Karachi, August 15, 2024 – Pakistan’s foreign exchange reserves witnessed a significant uptick, climbing by $173 million to reach $14.65 billion by the week ended August 9, 2024, according to a statement released by the State Bank of Pakistan (SBP) on Thursday.
The reserves showed an improvement from $14.472 billion reported on August 2, 2024, reflecting a positive trend for the country’s economy. The SBP’s official reserves alone saw a notable increase, rising by $119 million to $9.272 billion, compared to $9.153 billion the previous week.
Similarly, commercial banks also contributed to this upward trajectory, with their foreign exchange holdings increasing by $54 million, bringing their total to $5.373 billion by the week ended August 9, 2024, up from $5.319 billion a week earlier.
Market analysts have attributed this rise in reserves to a combination of factors, primarily the steady inflow of remittances and export receipts. The consistent flow of remittances from Pakistanis living abroad has provided much-needed support to the country’s foreign exchange position, while the export sector has shown resilience in the face of global economic challenges, further bolstering the reserves.
Experts believe that the situation is poised to improve even further in the coming weeks, as Pakistan is expected to receive additional inflows from the International Monetary Fund (IMF) under the Stand-By Arrangement (SBA). These anticipated funds are likely to provide a substantial boost to the country’s foreign exchange reserves, enhancing economic stability and investor confidence.

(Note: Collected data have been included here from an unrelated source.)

Lemma concat_omega_accepted q J a :
  concat_omega (prefix_lang Delta q0 C q J) (omega_power (loop_lang Delta F q J)) a ->
  LPBA_accepts q0 Delta F C a.
Proof.
case=> u [ru [fru Cu]] [b [ws [Hws Hb]] Ha].
have [rs Hrs] : exists rs, forall k, loop_run Delta F q J (ws k) (rs k).
  exists (fun k => sval (constructive_indefinite_description _ (Hws k).1)) => k.
  exact: svalP.
pose t0 : trans Q Sigma d := (q0, a 0, [ffun => 0], q0).
have rs_gt0 k : 0 < size (rs k).
  rewrite (fin_run_nth t0 (a 0) (Hrs k).1).1 lt0n size_eq0; apply/eqP; exact: (Hws k).2.
pose r := ocat ru rs t0.
have [r0 Hr] := orun_ocat t0 Ha Hb fru (fun k => (Hrs k).1) rs_gt0.
have zero i j : size ru <= i -> j \notin J -> tvec (r i) j = 0.
  have vanish k : all (vanishes_off J) (rs k) by case: (Hrs k) => _ [].
  move=> lei jJ; have := ocat_tail rs_gt0 t0 vanish lei.
  by move/forallP/(_ j)/implyP/(_ jJ)/eqP.
exists r; split=> //; split=> //; split.
  by apply: (ocat_io ru rs_gt0 (P := fun t => ttgt t \in F)) => k; case: (Hrs k) => _ [].
exists (ext J (sumvec ru)); split=> //.
have -> : sumvec ru = fun j => \sum_(i < size ru) tvec (r i) j.
  apply: functional_extensionality => j; rewrite /sumvec (big_nth t0) big_mkord.
  by apply: eq_bigr => i _; rewrite /r (ocat_head rs_gt0).
apply: rho_is_ext zero => j jJ N.
have ioj : infinitely_often (fun i => tvec (r i) j != 0).
  apply: (ocat_io ru rs_gt0 (P := fun t => tvec t j != 0)) => k.
  by case: (Hrs k) => _ [_ _ /subsetP /(_ j jJ)]; rewrite inE.
by have [i [leNi /eqP nz]] := ioj N; exists i.
Qed.

End Decomposition.

Theorem lemma7 (Sigma : finType) (L : olang Sigma) :
  LPBA_recognizable L ->
  exists (n : nat) (U V : 'I_n -> lang Sigma),
    (forall i, parikh_recognizable (U i)) /\
    (forall i, regular (V i)) /\
    (forall a, L a <-> exists i, concat_omega (U i) (omega_power (V i)) a).
Proof.
case=> Q [d [q0 [Delta [F [C [slC HL]]]]]].
exists #|{: Q * {set 'I_d}}|.
exists (fun i => prefix_lang Delta q0 C (enum_val i).1 (enum_val i).2).
exists (fun i => loop_lang Delta F (enum_val i).1 (enum_val i).2).
split; first by move=> i; apply: prefix_lang_parikh.
split; first by move=> i; apply: loop_lang_regular.
move=> a; rewrite HL; split=> [/LPBA_accepts_decompose [q [J H]] | [i /concat_omega_accepted //]].
by exists (enum_rank (q, J)); rewrite enum_rankK.
Qed.
(* Let $\alpha\neq0$ and consider the control system on $G$ $\dot x=u\alpha x,\quad \dot y=x-1,\quad u\in\mathcal U.$ If $(x_1,y_1),(x_2,y_2)\in G$ satisfy $x_1<1<x_2$, then $(x_2,y_2)\in\mathcal O^+(x_1,y_1)$ and $(x_1,y_1)\in\mathcal O^+(x_2,y_2)$.
   Context: Let $G=\{(x,y)\in\mathbb{R}^2:x>0\}$. Fix $\Omega=[u_*,u^*]$ with $u_*<0<u^*$. The admissible controls $\mathcal U$ are the piecewise constant functions $\mathbb{R}\to\Omega$. We write $\varphi(t,p,u)$ for the solution starting at $p$, and $\mathcal O^+(p)=\{\varphi(t,p,u):t\ge0,u\in\mathcal U\}$. *)

From Stdlib Require Import Reals.
Open Scope R_scope.

Definition inG (p : R * R) : Prop := 0 < fst p.

Definition is_partition (T : R) (n : nat) (t : nat -> R) : Prop :=
  t O = 0 /\ t n = T /\ (forall i, (i < n)%nat -> t i < t (S i)).

Definition const_on_pieces (u : R -> R) (n : nat) (t : nat -> R) : Prop :=
  forall i, (i < n)%nat -> forall s, t i <= s < t (S i) -> u s = u (t i).

Definition admissible (u_lo u_hi : R) (u : R -> R) : Prop :=
  (forall s, u_lo <= u s <= u_hi) /\
  (forall a b, a < b -> exists n (t : nat -> R),
      t O = a /\ t n = b /\ (forall i, (i < n)%nat -> t i < t (S i)) /\
      const_on_pieces u n t).

(* (x,y) is the (Caratheodory) solution on [0,T] of
     x' = u alpha x,  y' = x - 1
   with control u, i.e. (x,y) is continuous on [0,T] and satisfies the ODE on
   the interior of each piece of a partition of [0,T] on which u is constant. *)
Definition is_solution (alpha : R) (u : R -> R) (T : R) (x y : R -> R) : Prop :=
  exists n (t : nat -> R),
    is_partition T n t /\ const_on_pieces u n t /\
    (forall s, 0 <= s <= T -> continuity_pt x s /\ continuity_pt y s) /\
    (forall i, (i < n)%nat -> forall s, t i < s < t (S i) ->
        derivable_pt_lim x s (u s * alpha * x s) /\
        derivable_pt_lim y s (x s - 1)).

Definition in_pos_orbit (alpha u_lo u_hi : R) (p q : R * R) : Prop :=
  exists (T : R) (u x y : R -> R),
    0 <= T /\ admissible u_lo u_hi u /\ is_solution alpha u T x y /\
    x 0 = fst p /\ y 0 = snd p /\
    (forall s, 0 <= s <= T -> inG (x s, y s)) /\
    x T = fst q /\ y T = snd q.

From Stdlib Require Import Reals Lra Lia.
From Coquelicot Require Import Coquelicot.
Open Scope R_scope.

(* Running one trajectory after another gives a trajectory, so the positive
   orbit relation is transitive.  With the control u = 0 the point drifts
   vertically: x stays fixed and y moves with speed x - 1.  With a constant
   control c, of the sign making c * alpha * ln (x_b / x_a) >= 0, the
   coordinate x moves exponentially from x_a to x_b in nonnegative time, and
   y is shifted by an amount A that does not depend on the initial y.  Going
   from (x_a, y_a) to (x_b, y_b) by drifting at x_a, moving x_a to x_b, and
   drifting at x_b, the two drift speeds x_a - 1 and x_b - 1 have opposite
   signs when x_a and x_b lie on opposite sides of 1, so nonnegative drift
   times realise any vertical displacement y_b - y_a - A. *)

Definition partition_of (a b : R) (n : nat) (t : nat -> R) : Prop :=
  t O = a /\ t n = b /\ (forall i, (i < n)%nat -> t i < t (S i)).

Definition piecewise_constant (u : R -> R) : Prop :=
  forall a b, a < b -> exists n t, partition_of a b n t /\ const_on_pieces u n t.
(* Let $\Phi$ be a stable central pair potential with stability constant $B\ge0$, $\beta>0$, $u:=e^{2\beta B}$, and let $R$ be a partition scheme for $\mathcal C[n+1]$. For every tree $\tau\in\mathcal T[n+1]$ and every configuration $(x_1,\dots,x_{n+1})\in(\mathbb R^d)^{n+1}$ there exists a permutation $\Pi$ of $[n+1]$ such that $$\prod_{\{i,j\}\in E(R(\tau))\setminus E(\tau)}\big(1+f_{\Pi(i),\Pi(j)}\big)\le u^{n-1}.$$
   Context: $f_{i,j}:=e^{-\beta\Phi(x_i,x_j)}-1$, so $1+f_{i,j}=e^{-\beta\Phi(x_i,x_j)}$. Stability: $\sum_{1\le i<j\le N}\Phi(x_i,x_j)\ge -BN$ for all $N$ and all configurations. $\mathcal C[N]$ and $\mathcal T[N]$ denote the connected graphs and the trees on $[N]=\{1,\dots,N\}$, partially ordered by edge inclusion; for $G\le H$, $[G,H]=\{K: G\le K\le H\}$. A partition scheme is a map $R:\mathcal T[N]\to\mathcal C[N]$ with $E(R(\tau))\supseteq E(\tau)$ for all $\tau$, such that $\mathcal C[N]$ is the disjoint union of the intervals $[\tau,R(\tau)]$, $\tau\in\mathcal T[N]$. *)

From Stdlib Require Import Reals.
From mathcomp Require Import all_boot all_fingroup.

Set Implicit Arguments.
Unset Strict Implicit.
Unset Printing Implicit Defensive.

Definition point (d : nat) := 'I_d -> R.

Definition eucl_dist (d : nat) (x y : point d) : R :=
  sqrt (\big[Rplus/R0]_(k < d) (Rmult (Rminus (x k) (y k)) (Rminus (x k) (y k)))).

(* A pair potential with values in R ∪ {+∞}; [None] encodes +∞. *)
Definition potential (d : nat) := point d -> point d -> option R.

Definition central (d : nat) (Phi : potential d) : Prop :=
  exists phi : R -> option R, forall x y, Phi x y = phi (eucl_dist x y).

Definition ext_add (a b : option R) : option R :=
  match a, b with Some s, Some t => Some (Rplus s t) | _, _ => None end.

Definition pair_energy (d N : nat) (Phi : potential d) (x : 'I_N -> point d)
  : option R :=
  \big[ext_add/Some R0]_(i < N) \big[ext_add/Some R0]_(j < N | (i < j)%N)
     Phi (x i) (x j).

Definition stable (d : nat) (Phi : potential d) (B : R) : Prop :=
  forall (N : nat) (x : 'I_N -> point d),
    match pair_energy Phi x with
    | None => True
    | Some s => Rge s (Ropp (Rmult B (INR N)))
    end.

(* Boltzmann factor e^{-βΦ} = 1 + f, with e^{-β(+∞)} = 0. *)
Definition boltz (beta : R) (p : option R) : R :=
  match p with None => R0 | Some v => exp (Ropp (Rmult beta v)) end.

(* Graphs on the vertex set 'I_N (= [N], 0-indexed), as sets of edges;
   an edge is a 2-element subset of vertices. *)
Definition is_graph (N : nat) (G : {set {set 'I_N}}) : bool :=
  [forall e in G, #|e| == 2].

Definition adj (N : nat) (G : {set {set 'I_N}}) : rel 'I_N :=
  fun u v => [set u; v] \in G.

Definition connected_graph (N : nat) (G : {set {set 'I_N}}) : Prop :=
  is_graph G /\ forall u v : 'I_N, connect (adj G) u v.

Definition is_tree (N : nat) (G : {set {set 'I_N}}) : Prop :=
  connected_graph G /\ #|G| = N.-1.

(* Partition scheme: R maps trees to connected graphs containing them, and
   C[N] is the disjoint union of the intervals [τ, R τ]. *)
Definition partition_scheme (N : nat)
  (Rs : {set {set 'I_N}} -> {set {set 'I_N}}) : Prop :=
  (forall t, is_tree t -> connected_graph (Rs t) /\ t \subset Rs t) /\
  (forall G, connected_graph G ->
     exists t, [/\ is_tree t, t \subset G, G \subset Rs t &
       forall t', is_tree t' -> t' \subset G -> G \subset Rs t' -> t' = t]).
Lemma step_exponent_nonpos a y x t : 0 < a <= 1 -> 0 < y <= 2 * PI -> 2 * PI < x ->
  4 * PI ^ 2 < y * x -> unique_pos_sol a x (btilde a y x) t ->
  0 < btilde a y x <= y /\ 0 < 4 * PI ^ 2 / t <= x /\
  modular_exponent a y (btilde a y x) + modular_exponent a x (4 * PI ^ 2 / t) <= 0.
Proof.
  intros Ha Hy Hx Hyx (Ht & Et & _). pose proof PI_RGT_0.
  destruct (btilde_bounds a y x Ha Hy Hx Hyx) as (Hbt & Hbtx & _).
  destruct (step_sol_bounds a x (btilde a y x) t Ha ltac:(lra) Hbtx Ht Et) as [Htx _].
  set (bt := btilde a y x) in *.
  split; [exact Hbt|]. split.
  - split; [apply Rdiv_lt_0_compat; nra|].
    apply Rlt_div_l in Htx; [|lra]. apply <- Rle_div_l; nra.
  - unfold modular_exponent, step_eq in *.
    replace (4 * PI ^ 2 / (4 * PI ^ 2 / t)) with t by (field; lra).
    assert (0 <= a * (y - bt)) by (apply Rmult_le_pos; lra).
    lra.
Qed.

(** * Runs of the algorithm *)

Section Runs.

Variables (State : Type) (step : State -> State -> Prop) (stop good : State -> Prop).

Definition run_within (N : nat) (pts : nat -> State) : Prop :=
  (1 <= N)%nat /\
  (forall i, (1 <= i < N)%nat -> good (pts i) /\ step (pts i) (pts (S i))) /\
  stop (pts N).

Definition runs_from (s : State) : Prop :=
  exists N pts, pts 1%nat = s /\ run_within N pts.

Lemma runs_from_stop s : stop s -> runs_from s.
Proof.
  intros Hs. exists 1%nat, (fun _ => s). split; [reflexivity|].
  split; [lia|]. split; [intros; lia | exact Hs].
Qed.

Lemma runs_from_step s s' : good s -> step s s' -> runs_from s' -> runs_from s.
Proof.
  intros Hg Hs (N & pts & H1 & HN & Hsteps & Hstop).
  exists (S N), (fun i => match i with S (S j) => pts (S j) | _ => s end).
  split; [reflexivity|]. split; [lia|]. split.
  - intros [|[|i]] Hi; [lia | rewrite H1; auto | apply (Hsteps (S i)); lia].
  - destruct N as [|N]; [lia | exact Hstop].
Qed.

Lemma runs_from_of_progress (f : State -> R) (B delta : R) : 0 < delta ->
  (forall s, good s -> f s <= B) ->
  (forall s, good s -> exists s', step s s' /\ (stop s' \/ good s' /\ f s + delta <= f s')) ->
  forall s, good s -> runs_from s.
Proof.
  intros Hdelta Hbound Hprogress.
  assert (Hind : forall (M : nat) s, good s -> B - f s < INR M * delta -> runs_from s).
  { induction M as [|M IH]; intros s Hg Hdist.
    - pose proof (Hbound s Hg). simpl in Hdist. lra.
    - destruct (Hprogress s Hg) as (s' & Hstep & [Hstop|[Hg' Hf]]);
        apply (runs_from_step s s' Hg Hstep).
      + exact (runs_from_stop s' Hstop).
      + apply IH; [exact Hg'|]. rewrite S_INR in Hdist. lra. }
  intros s Hg. destruct (INR_archimed delta (B - f s) Hdelta) as [M HM].
  apply (Hind M s Hg). lra.
Qed.

End Runs.

Arguments run_within {State}.
Arguments runs_from {State}.

Lemma runs_from_weaken {State : Type} (step : State -> State -> Prop)
  (stop good good' : State -> Prop) s :
  (forall q, good q -> good' q) -> runs_from step stop good s -> runs_from step stop good' s.
Proof.
  intros Hgood (N & pts & H1 & HN & Hsteps & Hstop).
  exists N, pts. split; [exact H1|]. split; [exact HN|]. split; [|exact Hstop].
  intros i Hi. destruct (Hsteps i Hi). auto.
Qed.

(* A point with small coordinate [y] and large coordinate [x]; [o] tells whether
   the small one is [bL]. *)
Definition orient (o : bool) (y x : R) : R * R := if o then (y, x) else (x, y).

Definition regular (p : R * R) : Prop :=
  ~ stops p /\ 0 < fst p /\ 0 < snd p /\ 4 * PI ^ 2 < fst p * snd p.

Lemma stops_orient o y x : 2 * PI < y -> 2 * PI < x -> stops (orient o y x).
Proof. destruct o; unfold stops; simpl; lra. Qed.

Lemma regular_orient o y x : 0 < y <= 2 * PI -> 2 * PI < x -> 4 * PI ^ 2 < y * x ->
  regular (orient o y x).
Proof. intros. destruct o; unfold regular, stops; simpl; repeat split; nra. Qed.

Lemma Rmin_orient o y x : y <= x -> Rmin (fst (orient o y x)) (snd (orient o y x)) = y.
Proof.
  intros Hyx. destruct o; simpl; [apply Rmin_left | apply Rmin_right]; exact Hyx.
Qed.

Lemma alg_step_orient a o y x t : y <= 2 * PI -> 2 * PI < x ->
  unique_pos_sol a x (btilde a y x) t ->
  alg_step a (orient o y x) (orient (negb o) t (4 * PI ^ 2 / btilde a y x)).
Proof.
  intros Hy Hx Ht. destruct o; simpl.
  - left. split; [exact Hy|]. exists t. split; [exact Ht | reflexivity].
  - right. split; [exact Hx|]. split; [exact Hy|]. exists t. split; [exact Ht | reflexivity].
Qed.

Definition excess a I y := - (y * y - I * y + (2 * a - 1) * (4 * PI ^ 2)).

Lemma excess_invariant a y x : 0 < y ->
  excess a (invariant a y x) y = a * (x * y - 4 * PI ^ 2).
Proof. intros Hy. unfold excess, invariant. field. lra. Qed.

Section Termination.

Variables a y1 I0 : R.
Hypotheses (Ha : 0 < a <= 1) (Hy1 : 0 < y1).
Hypotheses (excess_y1 : 0 < excess a I0 y1) (excess_2pi : 0 < excess a I0 (2 * PI)).

Definition admissible (p : R * R) : Prop :=
  exists o y x, p = orient o y x /\ y1 <= y <= 2 * PI /\ 2 * PI < x /\
    4 * PI ^ 2 < y * x /\ invariant a y x = I0.
Lemma C0_plus {f g} : C0 le f -> C0 le g -> C0 le (fun x => f x + g x).
Proof.
  intros [Cf Kf] [Cg Kg].
  rewrite tcontinuous_pointwise in Cf, Cg.
  apply C0_intro.
  - intros x eps Heps.
    destruct (Cf x (eps / 2)) as [l1 [Hx1 Hl1]]; [lra|].
    destruct (Cg x (eps / 2)) as [l2 [Hx2 Hl2]]; [lra|].
    exists (l1 ++ l2); split; [apply Forall_app; auto|].
    intros y Hy. apply Forall_app in Hy. destruct Hy as [Hy1 Hy2].
    specialize (Hl1 y Hy1). specialize (Hl2 y Hy2).
    replace (f y + g y - (f x + g x)) with ((f y - f x) + (g y - g x)) by ring.
    pose proof (Rabs_triang (f y - f x) (g y - g x)). lra.
  - intros eps Heps.
    exists (fun x => Rabs (f x) >= eps / 2 \/ Rabs (g x) >= eps / 2); split.
    + apply tcompact_union; [apply Kf | apply Kg]; lra.
    + intros x Hx. pose proof (Rabs_triang (f x) (g x)).
      destruct (Rle_lt_dec (eps / 2) (Rabs (f x))); [left; lra | right; lra].
Qed.

Lemma C0_scal c {f} : C0 le f -> C0 le (fun x => c * f x).
Proof.
  intros [Cf Kf]. rewrite tcontinuous_pointwise in Cf.
  pose proof (Rabs_pos c) as Hc.
  assert (Hdelta : forall eps, eps / (Rabs c + 1) * (Rabs c + 1) = eps) by (intros; field; lra).
  apply C0_intro.
  - intros x eps Heps.
    assert (Hd : 0 < eps / (Rabs c + 1)) by (apply Rdiv_lt_0_compat; lra).
    destruct (Cf x _ Hd) as [l [Hxl Hl]].
    exists l; split; [exact Hxl|]. intros y Hy. specialize (Hl y Hy).
    replace (c * f y - c * f x) with (c * (f y - f x)) by ring.
    rewrite Rabs_mult. specialize (Hdelta eps).
    pose proof (Rabs_pos (f y - f x)). nra.
  - intros eps Heps.
    exists (fun x => Rabs (f x) >= eps / (Rabs c + 1)); split.
    + apply Kf, Rdiv_lt_0_compat; lra.
    + intros x Hx. rewrite Rabs_mult in Hx. specialize (Hdelta eps).
      pose proof (Rabs_pos (f x)). apply Rle_ge. nra.
Qed.
(* Let $r,s,t,u,v$ be non-negative integers with $u+v=4s-2r+t^2+2t+4$. Let $G=\left(r,\,r,\,s,\,s+\binom{t+1}{2},\,s+\binom{t+2}{2},\,u\right)$ and $H=\left(r,\,r,\,s,\,s+\binom{t+1}{2},\,s+\binom{t+2}{2},\,v\right)$, with interesting factors $g(x)$ and $h(x)$ respectively. Then $$g(x)=-h(-x+6s+2t^2+4t+6).$$
   Context: All graphs are finite and simple. For integers $1\le j\le k$, a $(j,k)$-biclique is a graph whose vertex set is the disjoint union of a $j$-clique and a $k$-clique, with an arbitrary set of additional edges each joining a vertex of the $j$-clique to a vertex of the $k$-clique. For non-negative integers $a,b,c,d,e,f$, the notation $(a,b,c,d,e,f)$ denotes the $(3,k)$-biclique with $k=a+b+c+d+e+f$, whose $3$-clique is $\{v_1,v_2,v_3\}$, in which every vertex of the $k$-clique is adjacent to exactly one or exactly two of $v_1,v_2,v_3$, and exactly $a$ (resp. $b$, $c$) vertices of the $k$-clique are adjacent to $v_1$ only (resp. $v_2$ only, $v_3$ only), and exactly $d$ (resp. $e$, $f$) vertices of the $k$-clique are adjacent to exactly $v_2$ and $v_3$ (resp. exactly $v_1$ and $v_3$, exactly $v_1$ and $v_2$). This determines the graph up to isomorphism. The interesting factor of a $(3,k)$-biclique $G$ is the cubic polynomial $P_G(x)/(x)_k$, where $P_G$ is the chromatic polynomial and $(x)_k=x(x-1)\cdots(x-k+1)$. *)

From HB Require Import structures.
From mathcomp Require Import all_boot all_order all_algebra.
Set Implicit Arguments. Unset Strict Implicit. Unset Printing Implicit Defensive.
Import Order.TTheory GRing.Theory Num.Theory.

The recent increase in reserves is a positive sign for Pakistan’s economy, which has faced significant challenges in recent years. The improved reserve position is expected to ease pressure on the Pakistani rupee, stabilize the exchange rate, and provide the government with more flexibility in managing the country’s external obligations.
The government and central bank are likely to continue focusing on policies aimed at attracting foreign investment, increasing exports, and ensuring the steady inflow of remittances, all of which are crucial for maintaining a healthy reserve position and supporting long-term economic growth.
As the reserves continue to rise, there is cautious optimism in the market, with experts urging the authorities to maintain prudent fiscal and monetary policies to safeguard these gains and ensure sustainable economic development.